Go to the line below containing "(* Arcs v ->" and print exactly from there through the line containing "- exact: connect_trans (DD' _ _ xA iA) iv.", both included. Print nothing else.

::::::::::

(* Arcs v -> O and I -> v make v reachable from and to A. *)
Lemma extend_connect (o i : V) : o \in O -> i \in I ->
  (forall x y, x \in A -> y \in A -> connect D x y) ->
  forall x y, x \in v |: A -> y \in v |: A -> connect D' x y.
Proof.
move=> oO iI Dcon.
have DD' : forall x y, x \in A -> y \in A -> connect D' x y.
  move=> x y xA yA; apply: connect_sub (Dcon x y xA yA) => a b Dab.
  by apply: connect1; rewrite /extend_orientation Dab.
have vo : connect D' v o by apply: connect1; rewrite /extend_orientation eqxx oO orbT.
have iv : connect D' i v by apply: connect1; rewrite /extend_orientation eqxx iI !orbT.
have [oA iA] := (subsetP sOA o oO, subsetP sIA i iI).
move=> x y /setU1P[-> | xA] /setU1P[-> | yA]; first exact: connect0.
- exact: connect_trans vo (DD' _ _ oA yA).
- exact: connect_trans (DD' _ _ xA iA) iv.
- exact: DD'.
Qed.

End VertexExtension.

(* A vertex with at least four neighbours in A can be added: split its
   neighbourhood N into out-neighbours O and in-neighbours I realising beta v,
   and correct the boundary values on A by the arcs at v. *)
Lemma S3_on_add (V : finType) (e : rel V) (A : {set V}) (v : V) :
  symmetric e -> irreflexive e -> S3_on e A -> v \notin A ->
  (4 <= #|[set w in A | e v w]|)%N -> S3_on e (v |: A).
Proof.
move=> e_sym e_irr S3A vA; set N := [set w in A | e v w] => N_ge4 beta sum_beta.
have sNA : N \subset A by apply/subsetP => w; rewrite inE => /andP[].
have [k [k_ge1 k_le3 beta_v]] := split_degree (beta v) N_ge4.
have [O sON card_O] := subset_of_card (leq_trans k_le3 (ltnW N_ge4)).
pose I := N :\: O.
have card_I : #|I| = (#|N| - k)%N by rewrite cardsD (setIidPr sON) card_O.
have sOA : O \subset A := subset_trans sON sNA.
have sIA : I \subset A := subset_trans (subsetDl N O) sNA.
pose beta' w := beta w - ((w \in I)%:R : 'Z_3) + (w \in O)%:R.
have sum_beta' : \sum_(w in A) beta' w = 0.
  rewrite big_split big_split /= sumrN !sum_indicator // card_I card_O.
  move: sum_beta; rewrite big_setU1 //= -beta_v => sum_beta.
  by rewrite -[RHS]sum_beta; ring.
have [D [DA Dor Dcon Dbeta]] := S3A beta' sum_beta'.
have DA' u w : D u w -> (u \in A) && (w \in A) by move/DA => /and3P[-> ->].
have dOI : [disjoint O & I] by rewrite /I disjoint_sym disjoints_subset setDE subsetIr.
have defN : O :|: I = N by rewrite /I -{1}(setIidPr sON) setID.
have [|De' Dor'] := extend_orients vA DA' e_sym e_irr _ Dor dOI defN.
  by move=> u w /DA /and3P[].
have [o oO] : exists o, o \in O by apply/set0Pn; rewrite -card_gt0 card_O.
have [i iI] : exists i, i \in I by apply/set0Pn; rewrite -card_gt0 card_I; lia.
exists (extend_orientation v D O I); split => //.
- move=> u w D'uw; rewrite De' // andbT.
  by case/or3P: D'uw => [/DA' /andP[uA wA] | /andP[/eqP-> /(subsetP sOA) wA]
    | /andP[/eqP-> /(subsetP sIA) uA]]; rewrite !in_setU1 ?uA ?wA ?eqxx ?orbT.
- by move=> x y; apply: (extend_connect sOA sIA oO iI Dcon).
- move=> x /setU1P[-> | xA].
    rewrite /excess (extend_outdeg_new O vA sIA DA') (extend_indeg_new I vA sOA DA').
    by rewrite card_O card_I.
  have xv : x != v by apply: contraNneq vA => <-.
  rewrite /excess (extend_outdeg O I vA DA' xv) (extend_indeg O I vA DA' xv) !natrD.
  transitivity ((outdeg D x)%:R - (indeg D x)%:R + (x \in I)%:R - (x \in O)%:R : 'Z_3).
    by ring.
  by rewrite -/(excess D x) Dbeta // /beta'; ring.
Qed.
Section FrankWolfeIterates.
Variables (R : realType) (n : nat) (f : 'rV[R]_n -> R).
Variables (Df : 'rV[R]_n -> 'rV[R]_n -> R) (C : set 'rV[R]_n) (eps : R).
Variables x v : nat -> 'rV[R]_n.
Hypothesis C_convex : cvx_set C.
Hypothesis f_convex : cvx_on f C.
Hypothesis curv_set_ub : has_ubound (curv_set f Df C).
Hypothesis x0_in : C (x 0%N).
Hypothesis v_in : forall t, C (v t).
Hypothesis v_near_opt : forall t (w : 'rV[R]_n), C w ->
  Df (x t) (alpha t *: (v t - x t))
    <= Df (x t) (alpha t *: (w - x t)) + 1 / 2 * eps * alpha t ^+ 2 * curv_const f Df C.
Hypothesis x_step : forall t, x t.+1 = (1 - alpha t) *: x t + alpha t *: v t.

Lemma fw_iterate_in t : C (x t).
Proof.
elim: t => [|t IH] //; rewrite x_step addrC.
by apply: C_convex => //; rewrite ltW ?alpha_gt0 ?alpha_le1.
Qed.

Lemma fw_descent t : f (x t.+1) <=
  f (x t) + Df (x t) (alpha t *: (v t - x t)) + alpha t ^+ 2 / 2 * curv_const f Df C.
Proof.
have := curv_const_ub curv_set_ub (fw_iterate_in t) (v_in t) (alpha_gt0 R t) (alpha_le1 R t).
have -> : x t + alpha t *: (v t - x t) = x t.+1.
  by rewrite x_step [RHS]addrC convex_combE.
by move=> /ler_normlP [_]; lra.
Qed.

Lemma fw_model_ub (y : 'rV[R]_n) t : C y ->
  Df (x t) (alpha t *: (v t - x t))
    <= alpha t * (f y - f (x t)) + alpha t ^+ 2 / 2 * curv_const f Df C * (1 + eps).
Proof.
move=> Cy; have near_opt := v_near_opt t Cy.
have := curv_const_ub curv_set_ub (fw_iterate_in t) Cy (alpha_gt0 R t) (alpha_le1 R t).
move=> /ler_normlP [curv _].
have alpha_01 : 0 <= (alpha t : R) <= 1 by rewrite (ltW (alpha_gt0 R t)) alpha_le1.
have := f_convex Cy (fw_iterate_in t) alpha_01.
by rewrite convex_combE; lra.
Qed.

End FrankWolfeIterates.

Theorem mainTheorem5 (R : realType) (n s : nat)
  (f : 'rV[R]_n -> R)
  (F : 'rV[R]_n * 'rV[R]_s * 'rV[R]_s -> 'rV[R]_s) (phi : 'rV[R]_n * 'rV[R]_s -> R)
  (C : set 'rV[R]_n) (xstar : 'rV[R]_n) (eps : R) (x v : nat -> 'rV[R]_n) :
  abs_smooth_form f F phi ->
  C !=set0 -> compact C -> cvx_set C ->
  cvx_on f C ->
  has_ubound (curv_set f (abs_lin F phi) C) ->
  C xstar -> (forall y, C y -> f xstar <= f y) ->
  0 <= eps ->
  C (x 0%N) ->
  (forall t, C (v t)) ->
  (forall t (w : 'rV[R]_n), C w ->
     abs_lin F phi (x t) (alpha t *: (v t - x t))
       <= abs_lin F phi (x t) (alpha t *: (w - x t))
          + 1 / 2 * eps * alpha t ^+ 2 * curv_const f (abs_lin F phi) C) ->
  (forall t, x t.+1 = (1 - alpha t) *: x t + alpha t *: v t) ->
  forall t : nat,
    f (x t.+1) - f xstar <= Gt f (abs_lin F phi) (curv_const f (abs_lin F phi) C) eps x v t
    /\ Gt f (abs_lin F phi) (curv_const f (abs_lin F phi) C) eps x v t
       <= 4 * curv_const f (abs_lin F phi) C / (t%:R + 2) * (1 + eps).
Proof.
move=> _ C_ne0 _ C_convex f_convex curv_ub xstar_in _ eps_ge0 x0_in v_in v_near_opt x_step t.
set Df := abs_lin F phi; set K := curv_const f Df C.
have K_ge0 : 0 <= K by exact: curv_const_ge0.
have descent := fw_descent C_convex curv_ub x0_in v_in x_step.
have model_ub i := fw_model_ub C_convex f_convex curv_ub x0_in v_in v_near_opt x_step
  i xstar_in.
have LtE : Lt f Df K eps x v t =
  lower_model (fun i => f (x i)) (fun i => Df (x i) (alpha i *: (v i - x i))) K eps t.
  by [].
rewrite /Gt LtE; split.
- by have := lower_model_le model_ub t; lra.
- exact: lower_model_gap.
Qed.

::::::::::

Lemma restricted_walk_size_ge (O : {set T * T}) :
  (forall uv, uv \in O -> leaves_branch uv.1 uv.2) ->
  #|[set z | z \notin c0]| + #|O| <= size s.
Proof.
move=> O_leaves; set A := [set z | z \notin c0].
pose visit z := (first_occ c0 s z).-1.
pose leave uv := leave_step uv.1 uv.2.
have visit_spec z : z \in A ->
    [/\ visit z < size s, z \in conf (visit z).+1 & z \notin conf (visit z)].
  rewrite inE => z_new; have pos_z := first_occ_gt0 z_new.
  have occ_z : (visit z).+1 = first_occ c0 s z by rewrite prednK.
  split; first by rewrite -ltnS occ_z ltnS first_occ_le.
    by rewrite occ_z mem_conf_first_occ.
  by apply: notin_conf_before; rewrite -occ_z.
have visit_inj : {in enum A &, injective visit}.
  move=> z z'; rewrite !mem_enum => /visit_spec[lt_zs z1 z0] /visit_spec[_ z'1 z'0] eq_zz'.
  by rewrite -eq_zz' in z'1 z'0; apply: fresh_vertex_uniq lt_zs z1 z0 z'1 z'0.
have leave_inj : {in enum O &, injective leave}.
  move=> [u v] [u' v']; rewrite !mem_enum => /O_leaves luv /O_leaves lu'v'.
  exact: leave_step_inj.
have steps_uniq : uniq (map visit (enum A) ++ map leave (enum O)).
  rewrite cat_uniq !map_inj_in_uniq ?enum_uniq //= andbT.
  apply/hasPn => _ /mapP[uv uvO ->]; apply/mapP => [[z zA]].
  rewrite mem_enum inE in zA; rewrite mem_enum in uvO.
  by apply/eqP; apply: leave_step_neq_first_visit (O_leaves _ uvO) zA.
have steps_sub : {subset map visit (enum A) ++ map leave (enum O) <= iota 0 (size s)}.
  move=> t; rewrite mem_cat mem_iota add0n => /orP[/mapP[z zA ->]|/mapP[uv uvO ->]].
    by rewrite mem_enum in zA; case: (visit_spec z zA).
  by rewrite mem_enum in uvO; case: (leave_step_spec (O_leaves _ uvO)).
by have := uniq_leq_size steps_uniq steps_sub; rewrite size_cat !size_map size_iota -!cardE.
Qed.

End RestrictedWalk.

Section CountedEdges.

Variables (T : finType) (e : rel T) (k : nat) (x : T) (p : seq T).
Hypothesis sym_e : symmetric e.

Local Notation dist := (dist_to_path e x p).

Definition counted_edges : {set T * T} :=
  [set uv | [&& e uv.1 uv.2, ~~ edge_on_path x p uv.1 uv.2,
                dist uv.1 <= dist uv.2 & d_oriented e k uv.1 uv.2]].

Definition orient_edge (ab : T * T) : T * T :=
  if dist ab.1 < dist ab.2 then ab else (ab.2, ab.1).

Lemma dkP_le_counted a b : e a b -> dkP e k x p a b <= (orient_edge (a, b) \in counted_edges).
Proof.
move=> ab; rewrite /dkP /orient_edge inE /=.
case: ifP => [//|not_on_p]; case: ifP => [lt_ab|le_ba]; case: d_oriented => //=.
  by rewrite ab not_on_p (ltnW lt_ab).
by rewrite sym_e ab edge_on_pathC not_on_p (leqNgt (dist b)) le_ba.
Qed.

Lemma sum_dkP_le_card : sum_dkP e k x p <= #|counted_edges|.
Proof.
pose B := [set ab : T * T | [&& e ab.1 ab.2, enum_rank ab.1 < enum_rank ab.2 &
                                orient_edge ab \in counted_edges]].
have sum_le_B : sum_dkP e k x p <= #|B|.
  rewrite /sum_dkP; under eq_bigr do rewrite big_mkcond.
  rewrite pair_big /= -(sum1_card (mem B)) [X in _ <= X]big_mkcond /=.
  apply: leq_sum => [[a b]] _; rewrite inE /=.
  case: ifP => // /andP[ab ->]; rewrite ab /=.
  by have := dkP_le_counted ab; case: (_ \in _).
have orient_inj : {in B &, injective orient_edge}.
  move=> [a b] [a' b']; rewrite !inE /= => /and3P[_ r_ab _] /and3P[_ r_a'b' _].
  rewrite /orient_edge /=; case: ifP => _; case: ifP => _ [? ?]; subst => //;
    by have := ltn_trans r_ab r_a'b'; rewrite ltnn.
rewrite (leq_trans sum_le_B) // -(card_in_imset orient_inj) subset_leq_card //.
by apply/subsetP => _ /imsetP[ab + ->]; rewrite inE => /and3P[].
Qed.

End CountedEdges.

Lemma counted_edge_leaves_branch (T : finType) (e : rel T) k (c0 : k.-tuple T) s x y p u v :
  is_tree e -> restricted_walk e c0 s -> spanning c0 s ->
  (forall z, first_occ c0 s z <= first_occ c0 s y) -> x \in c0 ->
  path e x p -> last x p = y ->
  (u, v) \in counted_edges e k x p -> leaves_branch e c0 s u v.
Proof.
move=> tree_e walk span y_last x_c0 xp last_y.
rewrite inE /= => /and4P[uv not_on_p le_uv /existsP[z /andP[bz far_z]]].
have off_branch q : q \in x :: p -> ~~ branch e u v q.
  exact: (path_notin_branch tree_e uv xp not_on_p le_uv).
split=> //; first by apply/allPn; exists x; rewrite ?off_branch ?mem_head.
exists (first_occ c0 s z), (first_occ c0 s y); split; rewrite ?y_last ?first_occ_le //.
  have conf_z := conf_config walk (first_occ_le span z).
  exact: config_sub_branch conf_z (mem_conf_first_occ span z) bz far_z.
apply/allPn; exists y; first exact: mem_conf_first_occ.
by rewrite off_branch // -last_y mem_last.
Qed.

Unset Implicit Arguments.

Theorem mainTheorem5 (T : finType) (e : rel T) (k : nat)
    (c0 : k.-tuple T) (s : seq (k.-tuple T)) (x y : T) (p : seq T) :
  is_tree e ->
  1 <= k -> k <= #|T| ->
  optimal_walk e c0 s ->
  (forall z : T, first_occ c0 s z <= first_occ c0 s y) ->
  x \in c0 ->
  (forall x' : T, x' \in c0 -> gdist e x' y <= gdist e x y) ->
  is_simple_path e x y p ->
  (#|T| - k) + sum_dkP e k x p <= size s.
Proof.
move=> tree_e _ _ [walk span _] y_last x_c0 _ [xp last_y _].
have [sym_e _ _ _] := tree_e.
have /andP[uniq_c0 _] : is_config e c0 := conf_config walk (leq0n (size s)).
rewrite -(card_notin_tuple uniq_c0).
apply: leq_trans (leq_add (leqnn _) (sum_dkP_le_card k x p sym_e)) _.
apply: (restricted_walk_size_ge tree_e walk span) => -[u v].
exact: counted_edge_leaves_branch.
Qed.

::::::::::

• _Expected answer_
(* Arcs v -> O and I -> v make v reachable from and to A. *)
Lemma extend_connect (o i : V) : o \in O -> i \in I ->
  (forall x y, x \in A -> y \in A -> connect D x y) ->
  forall x y, x \in v |: A -> y \in v |: A -> connect D' x y.
Proof.
move=> oO iI Dcon.
have DD' : forall x y, x \in A -> y \in A -> connect D' x y.
  move=> x y xA yA; apply: connect_sub (Dcon x y xA yA) => a b Dab.
  by apply: connect1; rewrite /extend_orientation Dab.
have vo : connect D' v o by apply: connect1; rewrite /extend_orientation eqxx oO orbT.
have iv : connect D' i v by apply: connect1; rewrite /extend_orientation eqxx iI !orbT.
have [oA iA] := (subsetP sOA o oO, subsetP sIA i iI).
move=> x y /setU1P[-> | xA] /setU1P[-> | yA]; first exact: connect0.
- exact: connect_trans vo (DD' _ _ oA yA).
- exact: connect_trans (DD' _ _ xA iA) iv.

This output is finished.